WHAT YOU HAVE TO DO: An exact copy of the lines from the one containing "by rewrite sumrB" through the end of the material is all that is wanted; transcribe only those.
DATA TO PROCESS: Begin
(* Let $K$ be a field, $S=K[x_1,\ldots,x_n]$, and $\alpha=(k_1,\ldots,k_n)\in\mathbb N^n$. A monomial ideal $I\subset S$ is polymatroidal if and only if its expansion $I^\alpha\subset S^\alpha$ is polymatroidal.
   Context: $\mathbb N$ denotes the positive integers. For $\alpha=(k_1,\ldots,k_n)\in\mathbb N^n$ let $S^\alpha=K[x_{ij}:1\le i\le n,\ 1\le j\le k_i]$ and $P_i=(x_{i1},\ldots,x_{ik_i})\subset S^\alpha$. If $I$ is a monomial ideal with minimal monomial generating set $G(I)=\{\mathbf x^{\mathbf a_1},\ldots,\mathbf x^{\mathbf a_r}\}$, $\mathbf x^{\mathbf a}=x_1^{\mathbf a(1)}\cdots x_n^{\mathbf a(n)}$, its expansion is $I^\alpha=\sum_{l=1}^r P_1^{\mathbf a_l(1)}\cdots P_n^{\mathbf a_l(n)}\subset S^\alpha$. A monomial ideal $I$ is polymatroidal if (i) all elements of $G(I)$ have the same degree, and (ii) whenever $u=x_1^{a_1}\cdots x_n^{a_n}$ and $v=x_1^{b_1}\cdots x_n^{b_n}$ belong to $G(I)$ with $a_i>b_i$, there exists $j$ with $a_j<b_j$ such that $x_j(u/x_i)\in G(I)$. (For $I^\alpha$ the same definition is used in the polynomial ring $S^\alpha$.) *)

(* Monomial ideals are modelled combinatorially by their
   monomials (exponent vectors). *)
From mathcomp Require Import all_boot.
Set Implicit Arguments. Unset Strict Implicit. Unset Printing Implicit Defensive.

Section Monomials.
Variable V : finType.

Definition mon := {ffun V -> nat}.
(* In the virtually-$\mathbb{Z}$ setting described in the context, let $\Phi$ be a cellular automaton on $A^G$ with neighborhood $S$ and $\Delta=\max\{\mathrm{imp}(s):s\in S\}$. Let $x\in A^G$ be such that for every $k\in\mathbb{N}$ there exist finite sets $L_1\subseteq Br_-(V_{\{-k\}})$, $L_2\subseteq Br_+(V_{\{k\}})$ and sections $V_1\subseteq Br_-(V_{\{-k\}})$, $V_2\subseteq Br_+(V_{\{k\}})$ with $l(V_1)>\Delta$ and $l(V_2)>\Delta$, such that for $i=1,2$ the pattern $u_i=x|_{L_i}$ is $V_i$-blocking for $\Phi$. Then $x$ is an equicontinuity point of $\Phi$.
   Context: $G$ is a finitely generated group, $A$ a finite alphabet, $H\leq G$ a subgroup of finite index and $\varphi:H\to\mathbb{Z}$ a group isomorphism. $F\subseteq G$ is a finite set with $1_G\in F$ containing exactly one element of each right coset $Hg$, so every $g\in G$ decomposes uniquely as $g=zf$ with $z\in H$, $f\in F$. Define $p:G\to\mathbb{Z}$ by $p(zf)=\varphi(z)$. For $X\subseteq\mathbb{Z}$, $V_X=p^{-1}(X)$; $V_{\{k\}}$ is the $k$-th vertebra; $V_X$ is a section if $X=[a,b]$ is a finite integer interval, with length $l(V_{[a,b]})=b-a+1$, right arm $Br_+(V_{[a,b]})=V_{(b,\infty)}$ and left arm $Br_-(V_{[a,b]})=V_{(-\infty,a)}$ (so $Br_-(V_{\{-k\}})=V_{(-\infty,-k)}$, $Br_+(V_{\{k\}})=V_{(k,\infty)}$). For $s\in G$, $\mathrm{imp}(s)=\max\{|p(gs)-p(g)|:g\in V_{\{k\}}\}$, which is independent of $k$. A cellular automaton $\Phi$ with neighborhood $S\subseteq G$ finite and local map $\mu:A^S\to A$ is $\Phi(x)(g)=\mu(s\mapsto x(gs))$. For finite $V\subseteq G$, a pattern $u\in A^L$ ($L\subseteq G$ finite) is $V$-blocking for $\Phi$ if for all $x,y\in A^G$ with $x|_L=y|_L=u$ one has $\Phi^t(x)|_V=\Phi^t(y)|_V$ for all $t\in\mathbb{N}$. Metric: $G$ is given the generating set $F\cup\{\varphi^{-1}(1)\}$ together with inverses, with word metric $d$, and $A^G$ the Cantor metric $d^C(x,y)=2^{-k}$, $k=\min\{d(1_G,g):x(g)\neq y(g)\}$, with closed balls $B$. $x$ is an equicontinuity point of $\Phi$ if $\forall\epsilon>0\,\exists\delta>0\,\forall t\in\mathbb{N}$, $\Phi^t(B(x,\delta))\subseteq B(\Phi^t(x),\epsilon)$. *)

From Stdlib Require Import ZArith Reals List.
Import ListNotations.
Lemma norm2sq_step_mul :
  norm2sq (step s f * step s g) = 2 * (norm2sq (f * g)
    + (norm2sq (f * ptilde g) + 'Re (int_mul_conj (f * ptilde f) (g * ptilde g)))).
Proof.
apply: (mulfI M_neq0); set D := int_mul_conj (f * ptilde f) (g * ptilde g).
have -> : (K + K)%:R * (2 * (norm2sq (f * g) + (norm2sq (f * ptilde g) + 'Re D))) =
    2 * ((K + K)%:R * norm2sq (f * g) + (K + K)%:R * norm2sq (f * ptilde g))
    + ((K + K)%:R * D + ((K + K)%:R * D)^*).
  by rewrite ReE rmorphM /= conjC_nat; field.
rewrite /D /norm2sq !parseval; size_bounds.
under eq_bigr do rewrite (mul_conj_pm_step_mul s_norm1 (w_expr_norm1 _) _ _ hf hg).
have sum_lin (a b d c : 'I_K -> C) :
    \sum_i (2 * (a i + b i) + (d i + (d i)^*) + (c i + (c i)^*)) =
    2 * (\sum_i a i + \sum_i b i) + (\sum_i d i + (\sum_i d i)^*)
    + (\sum_i c i + (\sum_i c i)^*).
  by rewrite !big_split /= -mulr_sumr big_split -!rmorph_sum.
by rewrite sum_lin -mulr_sumr cross_sum_eq0 mulr0 rmorph0 !addr0.
Qed.

Lemma norm2sq_step_mul_tilde :
  norm2sq (step s f * ptilde (step s g))
    + 'Re (int_mul_conj (step s f * ptilde (step s f)) (step s g * ptilde (step s g)))
  = 4 * norm2sq (f * g).
Proof.
set D := int_mul_conj (step s f * ptilde (step s f)) (step s g * ptilde (step s g)).
have sum_lin (b d a c : 'I_K -> C) :
    (forall i, 2 * b i + (d i + (d i)^*) = 8 * a i - 4 * (c i + (c i)^*)) ->
    \sum_i c i = 0 ->
    2 * \sum_i b i + (\sum_i d i + (\sum_i d i)^*) = 8 * \sum_i a i.
  move=> hi c0; rewrite mulr_sumr rmorph_sum -!big_split (eq_bigr _ (fun i _ => hi i)).
  by rewrite sumrB -!mulr_sumr big_split /= -rmorph_sum c0 rmorph0 addr0 mulr0 subr0.
have h : 2 * ((K + K)%:R * norm2sq (step s f * ptilde (step s g)))
    + ((K + K)%:R * D + ((K + K)%:R * D)^*) = 8 * ((K + K)%:R * norm2sq (f * g)).
  rewrite /D /norm2sq !parseval; size_bounds.
  apply: sum_lin => [i|].
    exact: (mul_conj_pm_step_mul_tilde s_norm1 (w_expr_norm1 _) _ _ hf hg).
  by rewrite -mulr_sumr cross_sum_eq0 mulr0.
apply: (mulfI M_neq0); move: h; rewrite ReE rmorphM /= conjC_nat.
move: (norm2sq _) (norm2sq _) D => A B D' h.
rewrite [LHS](_ : _ = (2 * ((K + K)%:R * B) + ((K + K)%:R * D' + (K + K)%:R * D'^*)) / 2).
  by rewrite h; field.
by field.
Qed.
DATA TO PROCESS: End
WRITTEN ANSWER:
  by rewrite sumrB -!mulr_sumr big_split /= -rmorph_sum c0 rmorph0 addr0 mulr0 subr0.
have h : 2 * ((K + K)%:R * norm2sq (step s f * ptilde (step s g)))
    + ((K + K)%:R * D + ((K + K)%:R * D)^*) = 8 * ((K + K)%:R * norm2sq (f * g)).
  rewrite /D /norm2sq !parseval; size_bounds.
  apply: sum_lin => [i|].
    exact: (mul_conj_pm_step_mul_tilde s_norm1 (w_expr_norm1 _) _ _ hf hg).
  by rewrite -mulr_sumr cross_sum_eq0 mulr0.
apply: (mulfI M_neq0); move: h; rewrite ReE rmorphM /= conjC_nat.
move: (norm2sq _) (norm2sq _) D => A B D' h.
rewrite [LHS](_ : _ = (2 * ((K + K)%:R * B) + ((K + K)%:R * D' + (K + K)%:R * D'^*)) / 2).
  by rewrite h; field.
by field.
Qed.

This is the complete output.